(* Let $n\ge1$, $q$ a prime power, and let $\mathcal{F}$ be a covering of $[n]$ with no redundant basic set. The $\mathcal{F}$-combinatorial metric $d_{\mathcal{F}}$ on $\mathbb{F}_q^n$ admits a MacWilliams-type identity if and only if $\mathcal{F}$ is a $k$-partition of $[n]$ for some $k$.
   Context: For a covering $\mathcal{F}$ of $[n]$ (a family of subsets, called basic sets, whose union is $[n]$) and $x\in\mathbb{F}_q^n$ with $\mathrm{supp}(x)=\{i:x_i\neq0\}$, $\mathrm{wt}_{\mathcal{F}}(x)=\min\{|\mathcal{A}|:\mathcal{A}\subset\mathcal{F},\ \mathrm{supp}(x)\subset\bigcup_{A\in\mathcal{A}}A\}$ and $d_{\mathcal{F}}(x,y)=\mathrm{wt}_{\mathcal{F}}(x-y)$. A basic set $A$ is redundant if $A\subsetneq B$ for some $B\in\mathcal{F}$. $\mathcal{F}$ is a $k$-partition if it is a partition of $[n]$ all of whose blocks have cardinality $k$. For a linear code $\mathcal{C}\subset\mathbb{F}_q^n$, $\mathcal{C}^\perp=\{u: \sum_i u_ic_i=0\ \forall c\in\mathcal{C}\}$ and $W_{\mathcal{C}}(x,y)=\sum_{c\in\mathcal{C}}x^{D-\mathrm{wt}_{\mathcal{F}}(c)}y^{\mathrm{wt}_{\mathcal{F}}(c)}$ with $D=\max_{c\in\mathcal{C}}\mathrm{wt}_{\mathcal{F}}(c)$. The metric $d_{\mathcal{F}}$ admits a MacWilliams-type identity if for all linear codes $\mathcal{C}_1,\mathcal{C}_2\subset\mathbb{F}_q^n$, $W_{\mathcal{C}_1}=W_{\mathcal{C}_2}$ implies $W_{\mathcal{C}_1^\perp}=W_{\mathcal{C}_2^\perp}$. *)

From HB Require Import structures.
From mathcomp Require Import all_boot all_order all_algebra all_field.

Set Implicit Arguments. Unset Strict Implicit. Unset Printing Implicit Defensive.
Import GRing.Theory.
Local Open Scope ring_scope.

Section CombMetric.
Variables (K : finFieldType) (n : nat).

Definition supp (x : 'rV[K]_n) : {set 'I_n} := [set i | x 0 i != 0].

Definition covering (F : {set {set 'I_n}}) : Prop := cover F = [set: 'I_n].

Definition redundant (F : {set {set 'I_n}}) (A : {set 'I_n}) : Prop :=
  A \in F /\ exists2 B, B \in F & A \proper B.

(* F-weight: the least number of basic sets covering supp x
   (for a covering F, F itself covers, so the minimum is over a nonempty
    family; #|F| is only the neutral starting value of minn) *)
Definition wtF (F : {set {set 'I_n}}) (x : 'rV[K]_n) : nat :=
  \big[minn/#|F|]_(A : {set {set 'I_n}} | (A \subset F) && (supp x \subset cover A))
     #|A|.

Definition dF (F : {set {set 'I_n}}) (x y : 'rV[K]_n) : nat := wtF F (x - y).

Definition k_partition (F : {set {set 'I_n}}) (k : nat) : Prop :=
  partition F [set: 'I_n] /\ forall A, A \in F -> #|A| = k.

Definition dual_code (C : {vspace 'rV[K]_n}) : {set 'rV[K]_n} :=
  [set u : 'rV[K]_n | [forall c : 'rV[K]_n, (c \in C) ==> (\sum_(i < n) u 0 i * c 0 i == 0)]].

(* weight enumerator W_S(x,y) = sum_{c in S} x^(D - wt c) y^(wt c),
   D = max weight; as a bivariate polynomial in {poly {poly int}}:
   inner variable = x, outer variable = y *)
Definition maxwt (F : {set {set 'I_n}}) (S : {set 'rV[K]_n}) : nat :=
  \max_(c in S) wtF F c.

Definition wenum (F : {set {set 'I_n}}) (S : {set 'rV[K]_n}) : {poly {poly int}} :=
  \sum_(c in S) (('X ^+ (maxwt F S - wtF F c) : {poly int})%:P * 'X ^+ (wtF F c)).

Definition code_set (C : {vspace 'rV[K]_n}) : {set 'rV[K]_n} := [set c | c \in C].

Definition admits_MacWilliams (F : {set {set 'I_n}}) : Prop :=
  forall C1 C2 : {vspace 'rV[K]_n},
    wenum F (code_set C1) = wenum F (code_set C2) ->
    wenum F (dual_code C1) = wenum F (dual_code C2).

End CombMetric.

From HB Require Import structures.
From mathcomp Require Import all_boot all_order all_algebra all_field.
From mathcomp Require Import mxabelem.

(* Sufficiency: if F is a partition into k-sets and T is a set of m blocks, the duality
   #|D^perp| * #|D| = q^n applied to D = C + (vectors vanishing on cover T) shows that
   q^(mk) * #{c in C vanishing on cover T} = #|C| * #{u in C^perp supported on cover T}.
   Summing over all T expresses the binomial moments of the weight distribution of C^perp
   through the weight distribution of C, and these moments determine the distribution.
   Necessity: lines spanned by vectors of equal weight have equal weight enumerators, so a
   MacWilliams identity makes the number of weight-one vectors orthogonal to a weight-one
   vector x independent of x.  Comparing x = e_i with x = e_i + e_j, where j lies in two
   basic sets and i in only one of them, rules out overlapping basic sets; comparing e_i and
   e_j taken in blocks of different sizes rules out blocks of different sizes. *)

Set Implicit Arguments.
Unset Strict Implicit.
Unset Printing Implicit Defensive.

Import Order.TTheory GRing.Theory Num.Theory.
Local Open Scope ring_scope.

Section Weight.
Variables (K : finFieldType) (n : nat).
Implicit Types (F A : {set {set 'I_n}}) (x : 'rV[K]_n).

Lemma supp0 : supp (0 : 'rV[K]_n) = set0.
Proof. by apply/setP => i; rewrite !inE mxE eqxx. Qed.

Lemma notin_supp x i : (i \notin supp x) = (x 0 i == 0).
Proof. by rewrite inE negbK. Qed.

Lemma supp_eq0 x : (supp x == set0) = (x == 0).
Proof.
apply/eqP/eqP => [x_0|->]; last exact: supp0.
by apply/rowP => i; apply/eqP; rewrite mxE -notin_supp x_0 inE.
Qed.

Lemma mem_supp_neq0 x i : i \in supp x -> x != 0.
Proof. by rewrite inE; apply: contraNneq => ->; rewrite mxE. Qed.

Lemma suppZ (a : K) x : a != 0 -> supp (a *: x) = supp x.
Proof. by move=> a_nz; apply/setP => i; rewrite !inE mxE mulf_eq0 negb_or a_nz. Qed.

Lemma supp_delta (i : 'I_n) : supp ('e_i : 'rV[K]_n) = [set i].
Proof.
by apply/setP => l; rewrite !inE mxE eqxx andTb; case: (l =P i); rewrite ?oner_eq0 ?eqxx.
Qed.

Lemma supp_delta_add (i j : 'I_n) : i != j ->
  supp ('e_i + 'e_j : 'rV[K]_n) = [set i; j].
Proof.
move=> ij; apply/setP => l; rewrite !inE !mxE eqxx.
have [->|_] := eqVneq l i; first by rewrite (negbTE ij) addr0 oner_eq0.
by case: (l == j); rewrite ?add0r ?oner_eq0 ?eqxx.
Qed.

Lemma wtF_min F x A : A \subset F -> supp x \subset cover A -> (wtF F x <= #|A|)%N.
Proof. by move=> AF xA; rewrite /wtF -minEnat -leEnat; apply: bigmin_le_cond; rewrite AF. Qed.

Lemma wtF_witness F x : covering F ->
  exists2 A : {set {set 'I_n}}, (A \subset F) && (supp x \subset cover A) & wtF F x = #|A|.
Proof.
move=> covF; rewrite /wtF -minEnat.
have FF : (F \subset F) && (supp x \subset cover F) by rewrite subxx covF subsetT.
have leF (A : {set {set 'I_n}}) : (A \subset F) && (supp x \subset cover A) -> (#|A| <= #|F|)%O.
  by case/andP=> /subset_leq_card; rewrite leEnat.
by have [A ? ->] := eq_bigmin F _ _ FF leF; exists A.
Qed.

Lemma wtF_scale F (a : K) x : a != 0 -> wtF F (a *: x) = wtF F x.
Proof. by move=> a_nz; rewrite /wtF suppZ. Qed.

Section Covering.
Variable F : {set {set 'I_n}}.
Hypothesis covF : covering F.

Lemma wtF_eq0 x : (wtF F x == 0%N) = (x == 0).
Proof.
rewrite -supp_eq0; apply/idP/idP => [wt0|/eqP x0].
  have [A /andP[_ xA] wtA] := wtF_witness x covF.
  by move: wt0 xA; rewrite wtA cards_eq0 => /eqP ->; rewrite /cover big_set0 subset0.
by rewrite -leqn0 -(cards0 {set 'I_n}) wtF_min ?x0 ?sub0set.
Qed.

Lemma wtF_eq1 x :
  (wtF F x == 1%N) = (supp x != set0) && [exists B in F, supp x \subset B].
Proof.
rewrite supp_eq0 -wtF_eq0; have [A /andP[AF xA] wtA] := wtF_witness x covF.
apply/idP/andP => [wt1|[wt_nz /exists_inP[B BF xB]]].
  split; first by rewrite (eqP wt1).
  move: wt1; rewrite wtA => /cards1P[B A_B]; apply/exists_inP; exists B.
    by rewrite -sub1set -A_B.
  by rewrite A_B cover1 in xA.
by rewrite eqn_leq lt0n wt_nz andbT -(cards1 B) wtF_min ?sub1set ?cover1.
Qed.

End Covering.
End Weight.

Section Distribution.
Variables (K : finFieldType) (n : nat) (F : {set {set 'I_n}}).
Implicit Types (X Y : {set 'rV[K]_n}).

Definition wt_count X w := #|[set c in X | wtF F c == w]|.

Lemma wtF_le_card (x : 'rV[K]_n) : (wtF F x <= #|F|)%N.
Proof.
rewrite /wtF; elim/big_rec: _ => // A w _; exact: leq_trans (geq_minr _ _).
Qed.

Lemma sum_by_wt (V : nmodType) X (g : nat -> V) :
  \sum_(c in X) g (wtF F c) = \sum_(w < #|F|.+1) g w *+ wt_count X w.
Proof.
pose wt c := Ordinal (wtF_le_card c : (wtF F c < #|F|.+1)%N).
rewrite (partition_big wt predT) //; apply: eq_bigr => w _.
rewrite -sumr_const; apply: eq_big => [c|c /andP[_ /eqP <-] //].
by rewrite inE -val_eqE.
Qed.

Lemma eq_sum_by_wt (V : nmodType) X Y (g : nat -> V) :
  wt_count X =1 wt_count Y -> \sum_(c in X) g (wtF F c) = \sum_(c in Y) g (wtF F c).
Proof. by move=> XY; rewrite !sum_by_wt; apply: eq_bigr => w _; rewrite XY. Qed.

Lemma coef_wenum X w : ((wenum F X)`_w).[1] = (wt_count X w)%:R :> int.
Proof.
rewrite /wenum coef_sum horner_sum -sumr_const.
rewrite (eq_bigr (fun c => if wtF F c == w then 1 else 0)) -?big_mkcondr; last first.
  move=> c _; rewrite coefMXn coefC subn_eq0.
  by case: (ltngtP w (wtF F c)); rewrite ?horner0 ?hornerXn ?expr1n.
by apply: eq_bigl => c; rewrite inE.
Qed.

Lemma wenum_wt_count X Y : wenum F X = wenum F Y -> wt_count X =1 wt_count Y.
Proof. by move=> XY w; apply/eqP; rewrite -(eqr_nat int) -!coef_wenum XY. Qed.

Lemma leq_maxwt X Y : wt_count X =1 wt_count Y -> (maxwt F X <= maxwt F Y)%N.
Proof.
move=> XY; apply/bigmax_leqP => c cX.
have : (0 < wt_count Y (wtF F c))%N.
  by rewrite -XY card_gt0; apply/set0Pn; exists c; rewrite inE cX /=.
by rewrite card_gt0 => /set0Pn[d]; rewrite inE => /andP[dY /eqP <-]; apply: leq_bigmax_cond.
Qed.

Lemma eq_wenum X Y : wt_count X =1 wt_count Y -> wenum F X = wenum F Y.
Proof.
move=> XY; have max_XY : maxwt F X = maxwt F Y by apply/eqP; rewrite eqn_leq !leq_maxwt.
rewrite /wenum max_XY.
exact: (eq_sum_by_wt (fun w => ('X ^+ (maxwt F Y - w) : {poly int})%:P * 'X ^+ w)).
Qed.

Lemma wt_count_sum X w : wt_count X w = (\sum_(c in X) (wtF F c == w))%N.
Proof.
rewrite /wt_count -sum1_card [LHS]big_mkcond [RHS]big_mkcond /=.
by apply: eq_bigr => c _; rewrite inE; case: (c \in X).
Qed.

# Brief
In the listing above, locate each line with "Printing" and copy it.

# Written response
Set Implicit Arguments. Unset Strict Implicit. Unset Printing Implicit Defensive.
Unset Printing Implicit Defensive.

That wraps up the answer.